1) Conduct site visits (initiation, monitoring, termination)
2) Adhere to FDA and ICH-GCP regulations
3) Adhere to local regulations
4) Ensure the completion and collection of regulatory documents
5) Instruct the site staff in their roles and responsibilities in conducting clinical trials
6) Evaluate and report site performance and protocol compliance
7) Perform data verification of source documents
8) Perform CRFs collection
9) Perform product accountability and supply tracking
10) Ensure completion and collection of SAEs
11) Assist with data validation and resolution of queries
12) Ensure compliance with SOPs
More questions? Want to know the Salary range? Keep reading.

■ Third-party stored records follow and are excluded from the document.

Lemma strict_chain_restrict A B K n : submodule A -> submodule B -> maximal_in B A ->
  strict_chain K n -> included (K n) A ->
  exists L, strict_chain L n.-1 /\ included (L n.-1) B.
Proof.
move=> subA subB maxB chK KnA; have [subK stK] := chK.
have [j [jn below above]] := exists_first_failure (fun i => included (K i) B) n.
(* Deleting the first [K j] not inside [B] leaves only steps that survive
   intersection with [B]. *)
exists (fun i x => K (bump j i) x /\ B x); split; last by move=> x [].
split=> [i|i lt_i_n]; first exact: submodule_meet.
have le_bump : (bump j i <= bump j i.+1 <= n)%N by rewrite /bump; lia.
split=> [x [Kx Bx]|]; first by split=> //; apply: (strict_chain_le chK le_bump).
pose l := (bump j i.+1).-1.
have def_l : l.+1 = bump j i.+1 by rewrite /l /bump; lia.
have lt_l_n : (l < n)%N by rewrite /l /bump; lia.
have [x [[Kx Bx] nKx]] : exists x, (K l.+1 x /\ B x) /\ ~ K l x.
  apply: strict_step_meet; [exact: subK | exact: subK | exact: (proj1 (stK l lt_l_n)) | |
    exact: (proj2 (stK l lt_l_n))].
  case: (ltnP (bump j i.+1) j) => [lt_bump_j|le_j_bump].
    by rewrite def_l => y /(below _ lt_bump_j); apply: included_subsumr.
  have lt_j_l : (j < l.+1)%N by rewrite ltn_neqAle def_l le_j_bump neq_bump.
  have KlA : included (K l) A.
    by move=> y Ky; apply/KnA/(strict_chain_le chK _ Ky); lia.
  move=> y Ky; apply: (maximal_in_subsum subA subB (subK l) maxB KlA).
    move=> KlB; apply: (above (leq_trans lt_j_l lt_l_n)) => z Kz.
    by apply/KlB/(strict_chain_le chK _ Kz); lia.
  by apply/KnA/(strict_chain_le chK _ Ky); lia.
exists x; split; first by rewrite -def_l.
by case=> Kx' _; apply/nKx/(strict_chain_le chK _ Kx'); rewrite /l /bump; lia.
Qed.

Lemma strict_chain_length_le C d K n : saturated_chain C d ->
  strict_chain K n -> included (K n) (C d) -> (n <= d)%N.
Proof.
elim: d K n => [|d IH] K n [subC C0 satC] chK KnC.
  case: n chK KnC => // n chK KnC; exfalso.
  have [_ [x [K1x nK0x]]] := (proj2 chK) 0%N isT.
  have Kx : K n.+1 x by apply: (strict_chain_le chK _ K1x); lia.
  by apply: nK0x; rewrite (C0 x (KnC x Kx)); case: (proj1 chK 0%N).
have [L [chL LC]] := strict_chain_restrict (subC d.+1) (subC d) (satC d (ltnSn d)) chK KnC.
have satC' : saturated_chain C d by split=> // i lt_i_d; apply/satC/ltnW.
by have := IH L n.-1 satC' chL LC; lia.
Qed.

End Chains.

Lemma iter_is_linear (R : nzRingType) (M : lmodType R) (phi : {linear M -> M}) i :
  linear (iter i phi).
Proof. by elim: i => [|i IH] a x y //=; rewrite IH linearP. Qed.

HB.instance Definition _ (R : nzRingType) (M : lmodType R) (phi : {linear M -> M}) i :=
  GRing.isLinear.Build R M M *:%R (iter i phi) (iter_is_linear phi i).

Section Iterates.
Variables (R : nzRingType) (M : lmodType R) (phi : {linear M -> M}).

Lemma iter_nilpotent n k x : (forall x, iter n phi x = 0) -> (n <= k)%N -> iter k phi x = 0.
Proof. by move=> nil_n le_n_k; rewrite -(subnK le_n_k) iterD nil_n linear0. Qed.

Lemma strict_chain_ker_iter n x0 : (forall x, iter n phi x = 0) -> iter n.-1 phi x0 != 0 ->
  strict_chain (fun i x => iter i phi x = 0) n.
Proof.
move=> nil_n nz_x0; split=> [i|i lt_i_n]; first exact: submodule_ker.
split=> [x /= ker_x|]; first by rewrite ker_x linear0.
exists (iter (n.-1 - i) phi x0); split=> /=.
  by rewrite -iterS -iterD (_ : (i.+1 + (n.-1 - i) = n)%N) ?nil_n //; lia.
by rewrite -iterD (_ : (i + (n.-1 - i) = n.-1)%N); [exact/eqP | lia].
Qed.

Lemma nilpotency_index_le_length d n : comp_length M d ->
  (forall x, iter n phi x = 0) -> (exists x, iter n.-1 phi x != 0) -> (n <= d)%N.
Proof.
move=> [C [subC C0 Cd stepC maxC]] nil_n [x0 nz_x0].
apply: (strict_chain_length_le (C := C) _ (strict_chain_ker_iter nil_n nz_x0)).
  split=> // [x /(C0 x) // | i lt_i_d].
  by split=> [|S]; [exact: (proj1 (stepC i lt_i_d)) | exact: maxC].
by move=> x _; apply/(Cd x).
Qed.

End Iterates.

Section StableDecomposition.
Variables (R : nzRingType) (M : lmodType R) (phi : {linear M -> M}) (C W : M -> Prop).
Hypotheses (subC : submodule C) (subW : submodule W)
  (CW0 : forall x, C x -> W x -> x = 0) (CW : forall x, exists c, C c /\ W (x - c)).

Definition proj_along (x : M) : M := proj1_sig (constructive_indefinite_description _ (CW x)).

Lemma proj_alongP x : C (proj_along x) /\ W (x - proj_along x).
Proof. exact: proj2_sig (constructive_indefinite_description _ (CW x)). Qed.

Lemma proj_along_eq x c : C c -> W (x - c) -> proj_along x = c.
Proof.
move=> Cc Wc; have [Cp Wp] := proj_alongP x.
apply/eqP; rewrite -subr_eq0; apply/eqP/CW0; first exact: submoduleB.
have -> : proj_along x - c = (x - c) - (x - proj_along x).
  by rewrite opprB [RHS]addrC addrA subrK.
exact: submoduleB.
Qed.

Lemma proj_along_is_linear : linear proj_along.
Proof.
move=> a u v; have [Cu Wu] := proj_alongP u; have [Cv Wv] := proj_alongP v.
apply: proj_along_eq; first by case: subC => _ CD CZ; apply: CD => //; apply: CZ.
have -> : a *: u + v - (a *: proj_along u + proj_along v) =
    a *: (u - proj_along u) + (v - proj_along v) by rewrite scalerBr opprD addrACA.
by case: subW => _ WD WZ; apply: WD => //; apply: WZ.
Qed.

HB.instance Definition _ := GRing.isLinear.Build R M M *:%R proj_along proj_along_is_linear.

Lemma proj_along_id c : C c -> proj_along c = c.
Proof. by move=> Cc; apply: proj_along_eq; rewrite // subrr; case: subW. Qed.

Hypotheses (Cphi : forall x, C x -> C (phi x)) (Wphi : forall x, W x -> W (phi x)).

Lemma proj_along_comm x : proj_along (phi x) = phi (proj_along x).
Proof.
have [Cp Wp] := proj_alongP x.
by apply: proj_along_eq; [apply: Cphi | rewrite -linearB; apply: Wphi].
Qed.

Lemma indecomposable_stable_summand : indecomposable phi ->
  (exists c, C c /\ c != 0) -> forall x, C x.
Proof.
move=> indec [c [Cc nz_c]] x; have [Cp _] := proj_alongP x.
suff <- : proj_along x = x by [].
apply: NNPP => nfix; apply: indec; exists proj_along; split.
- by move=> v; apply/proj_along_id/(proj_alongP v).1.
- by exists c; rewrite /= proj_along_id.
- by exists x; apply/eqP.
- exact: proj_along_comm.
Qed.

End StableDecomposition.

Lemma semisimple_ann_reflecting_vector (R : nzRingType) (M : lmodType R)
    (f : {linear M -> M}) : semisimple_module M -> (exists x, f x != 0) ->
  exists y, f y != 0 /\ forall r : R, r *: f y = 0 -> r *: y = 0.
Proof.
move=> ssM [x fx]; have [T [subT kerT0 kerT]] := ssM _ (submodule_ker f).
have [k [t [fk Tt ex]]] := kerT x.
exists t; split; first by move: fx; rewrite ex linearD fk add0r.
move=> r frt; apply: kerT0; first by rewrite linearZ_LR frt.
by case: subT => _ _; apply.
Qed.

Section CyclicVector.
Variables (R : nzRingType) (M : lmodType R) (phi : {linear M -> M}).

Definition cyclic_span n y x := exists r : nat -> R, x = \sum_(k < n) r k *: iter k phi y.

Lemma submodule_cyclic_span n y : submodule (cyclic_span n y).
Proof.
split.
- by exists (fun=> 0); rewrite big1 // => k _; rewrite scale0r.
- move=> _ _ [r ->] [s ->]; exists (fun k => r k + s k).
  by rewrite -big_split; apply: eq_bigr => k _; rewrite scalerDl.
- move=> a _ [r ->]; exists (fun k => a * r k).
  by rewrite scaler_sumr; apply: eq_bigr => k _; rewrite scalerA.
Qed.

Lemma cyclic_span_iter n y k : (forall x, iter n phi x = 0) -> cyclic_span n y (iter k phi y).
Proof.
move=> nil_n; case: (ltnP k n) => [lt_k_n|le_n_k]; last first.
  by rewrite (iter_nilpotent _ nil_n) //; case: (submodule_cyclic_span n y).
exists (fun i => if i == k then 1 else 0).
rewrite (bigD1 (Ordinal lt_k_n)) //= eqxx scale1r big1 ?addr0 // => i ne_i_k.
by have /negbTE-> : (i : nat) != k by []; rewrite scale0r.
Qed.

Lemma cyclic_span_phi n y x : (forall x, iter n phi x = 0) ->
  cyclic_span n y x -> cyclic_span n y (phi x).
Proof.
move=> nil_n [r ->]; rewrite linear_sum.
apply: submodule_sum (submodule_cyclic_span n y) _ => k; rewrite linearZ_LR /=.
by case: (submodule_cyclic_span n y) => _ _; apply; exact: (cyclic_span_iter y k.+1 nil_n).
Qed.

Section TopComplement.
Variables (m : nat) (y : M) (U : M -> Prop).
Hypotheses (nil_m : forall x, iter m.+1 phi x = 0) (subU : submodule U)
  (ann_top : forall r : R, r *: iter m phi y = 0 -> r *: y = 0)
  (lineU0 : forall x, (exists r : R, x = r *: iter m phi y) -> U x -> x = 0)
  (lineU : forall x, exists s u, [/\ exists r : R, s = r *: iter m phi y, U u & x = s + u]).

Definition iterates_in (x : M) := forall i, (i <= m)%N -> U (iter i phi x).

Lemma submodule_iterates_in : submodule iterates_in.
Proof.
case: subU => U0 UD UZ; split=> [i _|x x' Ux Ux' i le_i_m|r x Ux i le_i_m].
- by rewrite linear0.
- by rewrite linearD; apply: UD; [apply: Ux | apply: Ux'].
- by rewrite linearZ_LR; apply/UZ/Ux.
Qed.

Lemma iterates_in_phi x : iterates_in x -> iterates_in (phi x).
Proof.
move=> Ux i le_i_m; rewrite -iterSr; case: (ltnP i m) => [lt_i_m|le_m_i].
  exact: Ux.
by rewrite (iter_nilpotent _ nil_m) //; case: subU.
Qed.

Lemma cyclic_span_iterates_in_eq0 c : cyclic_span m.+1 y c -> iterates_in c -> c = 0.
Proof.
move=> [r ->] Uc.
have coef0 k : (k <= m)%N -> r k *: y = 0.
  elim/ltn_ind: k => k IH le_k_m.
  apply: ann_top; apply: lineU0; first by exists (r k).
  have := Uc (m - k)%N (leq_subr k m).
  rewrite linear_sum (bigD1 (Ordinal (le_k_m : (k < m.+1)%N))) //= big1 ?addr0.
    by rewrite linearZ_LR /= -iterD subnK.
  move=> i ne_i_k; have /= {}ne_i_k : (i : nat) != k by [].
  rewrite linearZ_LR /= -iterD; case: (ltnP i k) => [lt_i_k|le_k_i].
    by rewrite -linearZ_LR (IH i lt_i_k) ?linear0 //; lia.
  by rewrite (iter_nilpotent _ nil_m) ?scaler0 //; lia.
rewrite big1 // => k _.
by rewrite -linearZ_LR coef0 ?linear0 // -ltnS.
Qed.

(* Correct [x] one power at a time, from [phi^m] down to [phi^0]: subtracting
   [r phi^k y] only changes [phi^i] for [i <= m - k]. *)
Lemma cyclic_span_add_iterates_in x : exists c, cyclic_span m.+1 y c /\ iterates_in (x - c).
Proof.
have [_ CD CZ] := submodule_cyclic_span m.+1 y.
have partial k : (k <= m.+1)%N -> exists c, cyclic_span m.+1 y c /\
    forall i, (m.+1 - k <= i <= m)%N -> U (iter i phi (x - c)).
  elim: k => [_|k IH lt_k_m].
    by exists 0; split=> [|i ?]; [case: (submodule_cyclic_span m.+1 y) | lia].
  have [c [Cc Uc]] := IH (ltnW lt_k_m).
  have [_ [u [[r ->] Uu e]]] := lineU (iter (m - k) phi (x - c)).
  exists (c + r *: iter k phi y); split.
    by apply: CD => //; apply/CZ/cyclic_span_iter.
  move=> i bound_i; rewrite opprD addrA linearB linearZ_LR /= -iterD.
  case: (eqVneq i (m - k)%N) => [-> | ne_i].
    by rewrite subnK // e [r *: _ + u]addrC addrK.
  have le_m_ik : (m.+1 <= i + k)%N by lia.
  by rewrite (iter_nilpotent _ nil_m le_m_ik) scaler0 subr0; apply: Uc; lia.
have [c [Cc Uc]] := partial m.+1 (leqnn _).
by exists c; split=> // i le_i_m; apply: Uc; rewrite subnn.
Qed.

The best way to get more details is to click ‘Apply’, upload your resume, and ENTER YOUR QUESTIONS in the ‘Cover Letter’ field. A recruiter will call you and answer all of your questions (if they feel you are a fit for the role). Your resume will be kept CONFIDENTIAL – we respect your privacy. Our Recruiters are more likely to respond to your questions if they know you are *seriously* interested, and prefer to know a little bit about your background before calling.
1) Follow our CEO on Twitter for status-updates about your job application:http://www.twitter.com/sterlinghoffman
2) Add our CEO on Facebook:
We will try to respond to your questions privately via Twitter or Facebook only.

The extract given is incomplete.